The major difficulty comes when data in VRAM is modified, while it is still cached in one or more caches. When that memory location is read via the cache, the cache may return its stale cached data instead of the latest copy from VRAM, resulting in unexpected and unpredictable behaviour. There are hardware techniques (cache coherence protocols) that let the cache detect when memory has been modified so it can drop its stale data and re-read from VRAM, but these are complex and excessively expensive when there are as many caches as a GPU has. The alternative is to rely on software to send a signal to the cache, warning it that a specific range of memory has been modified so the cache needs to drop the stale cache lines.

In OpenGL, the GL driver is (mostly) responsible for deciding when to send these signals. In Vulkan, that responsibility (mostly) lies with the application instead. The application has to use memory barriers to provide the signals, through vkCmdPipelineBarrier, subpass dependencies, and the other synchronisation features. If the application gets it wrong, it may still run correctly on some devices all of the time, and on some devices some of the time, but randomly fail on some other devices at the most inconvenient possible time.

The description above only considers caches that are used for memory reads. Some processing units can perform writes too, so the caches need to handle these. There are two general techniques (with lots of minor variations):

  • Write-through cache: The write is passed directly down to the next level. Additionally, if the write touches a cache line that's currently in the cache, that copy of the cache line will be updated too. This means e.g. a shader can write to a variable then immediately read it back and get the correct value directly from the cache.
  • Write-back cache: The write is not passed down immediately. Instead the cache line is updated, and a dirty flag is set on it. At some time in the future, the cache will flush the dirty cache line down to VRAM and remove the dirty flag. This means e.g. a shader can write to a single variable many times, and all those writes will be handled efficiently by the cache, and only the final result will be written to VRAM.

This means that when an application wants to write some data in one part of the GPU then read it in another part, it has to flush the writes from the first cache down into VRAM, then invalidate the second cache so it will re-fetch the latest value from VRAM.

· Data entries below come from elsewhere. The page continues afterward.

(* V(x_1): (D-1) x D_alpha matrix; row j (j = i+1, i : 'I_(D-1)) is the gradient
   in c at c = 0 of c |-> pi_1 (phi_c^j (x_1)), i.e. its partial derivatives. *)
Definition Vmx (d D : nat) (phi : 'rV[R]_d.+1 -> 'rV[R]_d.+1) (x1 : 'rV[R]_d.+1)
  : 'M[R]_(D.-1, #|multi_index d D|) :=
  \matrix_(i < D.-1, k < #|multi_index d D|)
    ('D_(basis_c k) (fun c : 'rV[R]_#|multi_index d D| =>
        (iter i.+1 (phi_c phi c) x1) ord0 ord0) 0).

End Defs.

From HB Require Import structures.
From mathcomp Require Import all_boot all_order all_algebra.
From mathcomp Require Import all_classical all_reals all_analysis.
From mathcomp Require Import ring zify.
Import Order.TTheory GRing.Theory Num.Theory.
Import numFieldNormedType.Exports.
Set Implicit Arguments. Unset Strict Implicit. Unset Printing Implicit Defensive.
Local Open Scope ring_scope.

(* Let y_j := phi^j(x1) and let orbit_c j c be the j-th iterate of x1 under phi_c, so that row i of
   V is the derivative at c = 0 of the first coordinate of orbit_c (i+1). The perturbation
   phi_c - phi is linear in c and vanishes at c = 0, so the chain rule gives
     d/dc_k orbit_c (j+1) = dphi(y_j) (d/dc_k orbit_c j) + p_k(y_j) e1.
   Hence V = L P with P(m, k) = p_k(y_m) and L lower triangular whose diagonal entries are the
   first coordinate of e1, i.e. 1. P has full row rank because monomials of degree at most 2D-1
   separate the D-1 distinct points y_0, ..., y_(D-2): a product of D-2 affine functions
   vanishes at all of them but one. The chain rule needs phi to be differentiable, which follows
   from the continuity of its partial derivatives. *)

Section line_derivatives.
Variables (R : realType) (V : normedModType R).

Lemma is_derive_line (W : normedModType R) (f : V -> W) (z v : V) (s : R) :
  derivable f (z + s *: v) v ->
  is_derive s 1 (fun t : R => f (z + t *: v)) ('D_v f (z + s *: v)).
Proof.
have quotE : (fun h : R => h^-1 *: ((fun t => f (z + t *: v)) (h *: 1 + s) - f (z + s *: v)))
    = (fun h : R => h^-1 *: (f (h *: v + (z + s *: v)) - f (z + s *: v))).
  by apply/funext => h; rewrite [h *: 1]mulr1 scalerDl addrCA addrA addrC.
move=> fv; apply: DeriveDef; first by rewrite /derivable /= quotE.
by rewrite /derive /= quotE.
Qed.

Lemma is_derive_line_entry m n (f : V -> 'M[R]_(m, n)) (z v : V) (s : R) i j :
  derivable f (z + s *: v) v ->
  is_derive s 1 (fun t : R => f (z + t *: v) i j) ('D_v f (z + s *: v) i j).
Proof.
move=> /is_derive_line fline; rewrite -(@derive_val _ _ _ _ _ _ _ fline).
apply: DeriveDef; first by move/derivable_mxP: (@ex_derive _ _ _ _ _ _ _ fline); apply.
by rewrite derive_mx // mxE.
Qed.

Lemma MVT_origin (u du : R -> R) : (forall x : R, is_derive x (1 : R) u (du x)) ->
  forall t, exists2 c, `|c| <= `|t| & u t - u 0 = du c * t.
Proof.
move=> u'.
have uc : continuous u.
  by move=> x; apply/differentiable_continuous/derivable1_diffP.
move=> t; have [t0|t0] := leP 0 t.
  have [c /andP[c0 ct] ->] :=
    MVT_segment t0 (fun x _ => u' x) (continuous_subspaceT uc).
  by exists c; rewrite ?subr0 // !ger0_norm // (le_trans c0).
have [c /andP[tc c0] uE] :=
  MVT_segment (ltW t0) (fun x _ => u' x) (continuous_subspaceT uc).
exists c; last by rewrite -opprB uE sub0r mulrN opprK.
by rewrite !ler0_norm ?lerN2 // ?(ltW t0) // (le_trans tc).
Qed.

End line_derivatives.

Section continuous_partials.
Variable R : realType.

Lemma mx_norm_entry p q (M : 'M[R]_(p, q)) i j : `|M i j| <= `|M|.
Proof.
have /mapP[k _ ->] : `|M i j| \in [seq `|M k.1 k.2| | k : 'I_p * 'I_q].
  by apply/mapP; exists (i, j); rewrite ?mem_enum.
by rewrite [leRHS]/Num.norm /= mx_normrE; apply/bigmax_geP; right; exists k.
Qed.

Lemma mx_norm_le p q (M : 'M[R]_(p, q)) c :
  0 <= c -> (forall i j, `|M i j| <= c) -> `|M| <= c.
Proof.
move=> c0 Mc; rewrite [leLHS]/Num.norm /= mx_normrE.
by apply/bigmax_leP; split => // -[i j] _; apply: Mc.
Qed.

Variables n m : nat.
Implicit Types h y : 'rV[R]_n.

Definition row_prefix (h : 'rV[R]_n) (k : nat) : 'rV[R]_n :=
  \row_l (if (l < k)%N then h 0 l else 0).

Lemma row_prefix0 h : row_prefix h 0 = 0.
Proof. by apply/rowP => l; rewrite !mxE. Qed.

Lemma row_prefix_full h : row_prefix h n = h.
Proof. by apply/rowP => l; rewrite !mxE ltn_ord. Qed.

Lemma row_prefixS h (i : 'I_n) :
  row_prefix h i.+1 = row_prefix h i + h 0 i *: 'e_i.
Proof.
apply/rowP => l; rewrite !mxE ltnS leq_eqVlt eqxx /= -val_eqE.
by case: (ltngtP l i) => [li|il|/val_inj ->] /=; rewrite ?mulr1 ?mulr0 ?addr0 ?add0r ?ltnn.
Qed.

Lemma norm_row_prefix_shift h (i : 'I_n) (c : R) :
  `|c| <= `|h 0 i| -> `|row_prefix h i + c *: 'e_i| <= `|h|.
Proof.
move=> ch; apply: mx_norm_le => // i0 l; rewrite (ord1 i0) !mxE eqxx /= -val_eqE.
case: (ltngtP l i) => _; rewrite ?mulr0 ?addr0 ?mx_norm_entry ?normr0 //.
by rewrite add0r mulr1 (le_trans ch) ?mx_norm_entry.
Qed.

Definition partial_jacobian (f : 'rV[R]_n -> 'rV[R]_m) (y : 'rV[R]_n) :
  'M[R]_(n, m) := \matrix_(i < n) 'D_('e_i) f y.

(* Telescope along the path y, y + h_0 e_0, ..., y + h and apply the mean value theorem
   on each edge. *)
Lemma partial_increment_le (f : 'rV[R]_n -> 'rV[R]_m) y h (e : R) :
  (forall x i, derivable f x ('e_i)) -> 0 <= e ->
  (forall z, `|z - y| <= `|h| ->
     forall i, `|'D_('e_i) f z - 'D_('e_i) f y| <= e) ->
  `|f (y + h) - f y - h *m partial_jacobian f y| <= n%:R * e * `|h|.
Proof.
move=> fi e0 De; apply: mx_norm_le => [|i0 r]; first by rewrite !mulr_ge0.
rewrite (ord1 i0) !mxE.
set P := fun k : nat => f (y + row_prefix h k) 0 r.
have -> : f (y + h) 0 r - f y 0 r = \sum_(i < n) (P i.+1 - P i).
  rewrite -(big_mkord xpredT (fun i => P i.+1 - P i)) telescope_sumr //.
  by rewrite /P row_prefix_full row_prefix0 addr0.
rewrite -sumrB -mulrA mulr_natl -[X in _ *+ X]card_ord -sumr_const.
apply: le_trans (ler_norm_sum _ _ _) _; apply: ler_sum => i _.
pose z := y + row_prefix h i.
have [c ch PE] :=
  MVT_origin (fun t => is_derive_line_entry 0 r (fi (z + t *: 'e_i) i)) (h 0 i).
rewrite /P row_prefixS addrA -/z (_ : f z 0 r = f (z + 0 *: 'e_i) 0 r);
  last by rewrite scale0r addr0.
rewrite PE [_ * h 0 i]mulrC /partial_jacobian mxE -mulrBr normrM mulrC.
apply: ler_pM => //; last exact: mx_norm_entry.
have := mx_norm_entry ('D_('e_i) f (z + c *: 'e_i) - 'D_('e_i) f y) 0 r.
rewrite !mxE => /le_trans; apply; apply: De.
by rewrite /z addrAC [y + _]addrC addrK norm_row_prefix_shift.
Qed.

Lemma differentiable_partials (f : 'rV[R]_n -> 'rV[R]_m) :
  (forall x i, derivable f x 'e_i) -> (forall i, continuous ('D_'e_i f)) ->
  forall y, differentiable f y.
Proof.
move=> fi Dc y; set J := partial_jacobian f y.
have Jc : continuous (@mulmxr R 1 n m J).
  have -> : @mulmxr R 1 n m J = (fun h => \sum_(i < n) h 0 i *: row i J).
    by apply/funext => h; rewrite /= mulmx_sum_row.
  apply: (@continuous_big _ _ +%R 0 xpredT add_continuous) => i _ h.
  exact/continuousZr_tmp/coord_continuous.
have Jo : f \o shift y = cst (f y) + @mulmxr R 1 n m J +o_ (0 : 'rV[R]_n) id.
  apply/eqaddoP => _/posnumP[e].
  pose e' := e%:num / (n%:R + 1).
  have e'0 : 0 < e' by rewrite divr_gt0 // ltr_wpDl.
  have : \forall z \near y, forall i, `|'D_'e_i f z - 'D_'e_i f y| <= e'.
    apply: (@filter_forall _ _ (fun i z => `|'D_'e_i f z - 'D_'e_i f y| <= e') (nbhs y) _) => i.
    have /cvgrPdist_le /(_ _ e'0) := Dc i y.
    by apply: filter_app; near=> z => Dz; rewrite distrC.
  move=> /nbhs_ballP [del del0 Dnear]; apply/nbhs_ballP; exists del => // h.
  rewrite -ball_normE /= sub0r normrN => hdel.
  have -> : (f \o shift y - (cst (f y) + mulmxr J)) h = f (y + h) - f y - h *m J.
    by rewrite [y + h]addrC opprD addrA.
  apply: le_trans (partial_increment_le fi (ltW e'0) _) _.
    move=> z zy; apply: Dnear; rewrite -ball_normE /= distrC.
    exact: le_lt_trans zy hdel.
  apply: ler_wpM2r => //; rewrite /e' mulrCA; apply: ler_piMr => //.
  by rewrite ler_pdivrMr ?ltr_wpDl // mul1r lerDl.
by apply/diff_locallyP; rewrite (diff_unique Jc Jo).
Unshelve. all: by end_near. Qed.
End continuous_partials.

Section derive_rules.
Variables (R : realType) (V W : normedModType R).

Lemma differentiable_big_sum (I : Type) (r : seq I) (g : I -> V -> W) x :
  (forall i, differentiable (g i) x) ->
  differentiable (fun z => \sum_(i <- r) g i z) x.
Proof.
move=> gx; elim: r => [|i r IHr].
  under eq_fun do rewrite big_nil; exact: differentiable_cst.
under eq_fun do rewrite big_cons; exact: differentiableD.
Qed.

Lemma derive_big_sum (I : Type) (r : seq I) (g : I -> V -> W) x v :
  (forall i, differentiable (g i) x) ->
  'D_v (fun z => \sum_(i <- r) g i z) x = \sum_(i <- r) 'D_v (g i) x.
Proof.
move=> gx; elim: r => [|i r IHr].
  by under eq_fun do rewrite big_nil; rewrite derive_cst big_nil.
under eq_fun do rewrite big_cons.
rewrite deriveD ?big_cons ?IHr //; apply: diff_derivable => //.
exact: differentiable_big_sum.
Qed.

Lemma derive_comp (U : normedModType R) (f : V -> U) (g : U -> W) x v :
  differentiable f x -> differentiable g (f x) ->
  'D_v (g \o f) x = 'd g (f x) ('D_v f x).
Proof.
move=> fx gfx; rewrite (deriveE _ (differentiable_comp fx gfx)) (deriveE _ fx).
by rewrite diff_comp.
Qed.

Lemma deriveZl (k : V -> R) (w : W) x v :
  differentiable k x -> 'D_v (fun z => k z *: w) x = 'D_v k x *: w.
Proof.
by move=> kx; rewrite !deriveE // ?diffZl //; apply: differentiableZl.
Qed.

End derive_rules.

Lemma derive_entry (R : realType) m n (x v : 'M[R]_(m, n)) i j :
  'D_v (fun z : 'M[R]_(m, n) => z i j) x = v i j.
Proof.
have := derive_mx (@derivable_id _ _ x v).
by move/(congr1 (fun M : 'M[R]_(m, n) => M i j)); rewrite derive_id mxE.
Qed.

Section monomials.
Variables (R : idomainType) (n : nat).

Definition monomial (e : 'I_n -> nat) (x : 'rV[R]_n) : R := \prod_i x 0 i ^+ e i.

Lemma monomial0 x : monomial (fun _ => 0%N) x = 1.
Proof. by apply: big1 => i _; rewrite expr0. Qed.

As an extra complexity, caches can be nested: a processing unit can read from a small fast Level 1 (L1) cache, which reads from a larger slower L2 cache, which reads from huge very slow VRAM. In some GPUs there can be five or more levels of caches on top of the RAM. To coordinate properly between writes and reads in different parts of the system, they might need to flush and invalidate multiple caches in the correct sequence.

GPU memory architecture

The memory architecture of a modern GPU might look a little bit like this:

.--------------------------.  .--------------------------.
| CU:                      |  | CU:                      |
|                          |  |                          |
| [WI] [WI] [WI] [WI] [WI] |  | [WI] [WI] [WI] [WI] [WI] |                                              .---------------.
|                          |  |                          |                                              | Host CPU:     |
| [ALU] [ALU] [ALU] [L/S]  |  | [ALU] [ALU] [ALU] [L/S]  |                                              |               |
|                          |  |                          |                                              | [Core] [Core] |
| [L1$]  [T$]  [U$]   [SM] |  | [L1$]  [T$]  [U$]   [SM] |                                              |   |       |   |
'---|-----|-----|----------'  '---|-----|-----|----------'                                              | [L1$]   [L1$] |
    |     |     |                 |     |     |                                                         |  _|_______|_  |
.---'-----'-----'-----------------'-----'-----'----------. .-------. .-------. .----------. .---------. | [____L2$____] |
|                                                        | |       | |       | |          | |         | |  _____|_____  |
|                        L2 cache                        | |  ROP  | |  ROP  | | Transfer | | Display | | [____L3$____] |
|                                                        | |       | |       | |          | |         | |       |       |
'---------------------------.----------------------------' '---.---' '---.---' '----.-----' '----.----' '-------|-------'
                            |                                  |         |          |            |              |
|                                                                                                                       |
|                                                           VRAM                                                        |
|                                                                                                                       |

(This doesn't correspond to any one particular real GPU, it's a mixture of different ones based on the scant public documentation, plus a few guesses and a few intentional simplifications and many mistakes. The description here is focused on discrete GPUs over integrated ones, but the same general concepts should apply with some variation to all reasonable GPUs.)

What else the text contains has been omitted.